Lemma dq_Dlin : lin D. Proof. by case: (dq_ax H) => [[]]. Qed.
Lemma dq_eslin : slin e. Proof. by case: (dq_ax H) => [[]]. Qed.
Lemma dq_counitl h : sw D (fun a b => e a *: b) h = h. Proof. by case: (dq_ax H) => [[]]. Qed.
Lemma dq_counitr h : sw D (fun a b => e b *: a) h = h. Proof. by case: (dq_ax H) => [[]]. Qed.
Lemma dq_mbilin : bilin m. Proof. by case: (dq_ax H) => _ []. Qed.
Lemma dq_eM h l : e (m h l) = e h * e l. Proof. by case: (dq_ax H) => _ []. Qed.
Lemma dq_Du : D u = tm u u. Proof. by case: (dq_ax H) => _ [_ _ _ []]. Qed.
Lemma dq_eu : e u = 1. Proof. by case: (dq_ax H) => _ [_ _ _ []]. Qed.
Lemma dq_mul1 h : m u h = h. Proof. by case: (dq_ax H) => _ [_ _ _ _ /(_ h) []]. Qed.
Lemma dq_wslin : strilin w. Proof. by case: (dq_ax H) => _ _ []. Qed.
Lemma dq_wislin : strilin wi. Proof. by case: (dq_ax H) => _ _ []. Qed.
Lemma dq_conv_wi_w x y z : conv3 D wi w x y z = e x * e y * e z.
Proof. by case: (dq_ax H) => _ _ []. Qed.

Lemma dq_w1l x y : w u x y = e x * e y.
Proof. by case: (dq_ax H) => _ _ [_ _ _ _ /(_ x y) [-> _]]; rewrite dq_eu mul1r. Qed.

Lemma dq_w1m x y : w x u y = e x * e y.
Proof. by case: (dq_ax H) => _ _ [_ _ _ _ /(_ x y) [_ [-> _]]]; rewrite dq_eu mulr1. Qed.

Lemma eq_sw (U : lmodType k) (f g : HH -> HH -> U) h :
  (forall a b, f a b = g a b) -> sw D f h = sw D g h.
Proof. exact: eq_tl. Qed.

Lemma eq_sw3 (U : lmodType k) (f g : HH -> HH -> HH -> U) h :
  (forall a b c, f a b c = g a b c) -> sw3 D f h = sw3 D g h.
Proof. by move=> hf; apply: eq_tl => a b; apply: eq_tl. Qed.

Lemma linear_sw (U U' : lmodType k) (L : U -> U') (f : HH -> HH -> U) h :
  lin L -> L (sw D f h) = sw D (fun a b => L (f a b)) h.
Proof. exact: linear_tl. Qed.

Lemma linear_sw3 (U U' : lmodType k) (L : U -> U') (f : HH -> HH -> HH -> U) h :
  lin L -> L (sw3 D f h) = sw3 D (fun a b c => L (f a b c)) h.
Proof. by move=> hL; rewrite /sw3 linear_sw //; apply: eq_sw => a b; rewrite linear_sw. Qed.

Lemma sw_counitl (U : lmodType k) (L : HH -> U) h :
  lin L -> sw D (fun a b => e a *: L b) h = L h.
Proof. by move=> hL; rewrite -{2}[h]dq_counitl linear_sw //; apply: eq_sw => a b; rewrite linZ. Qed.

Lemma sw_counitr (U : lmodType k) (L : HH -> U) h :
  lin L -> sw D (fun a b => e b *: L a) h = L h.
Proof. by move=> hL; rewrite -{2}[h]dq_counitr linear_sw //; apply: eq_sw => a b; rewrite linZ. Qed.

+--

→ **Aim of the exercise**
Quote, word for word, every line from the top of the entries through the line that holds "Lemma dq_mbilin : bilin".

→ **Written solution**
Lemma dq_Dlin : lin D. Proof. by case: (dq_ax H) => [[]]. Qed.
Lemma dq_eslin : slin e. Proof. by case: (dq_ax H) => [[]]. Qed.
Lemma dq_counitl h : sw D (fun a b => e a *: b) h = h. Proof. by case: (dq_ax H) => [[]]. Qed.
Lemma dq_counitr h : sw D (fun a b => e b *: a) h = h. Proof. by case: (dq_ax H) => [[]]. Qed.
Lemma dq_mbilin : bilin m. Proof. by case: (dq_ax H) => _ []. Qed.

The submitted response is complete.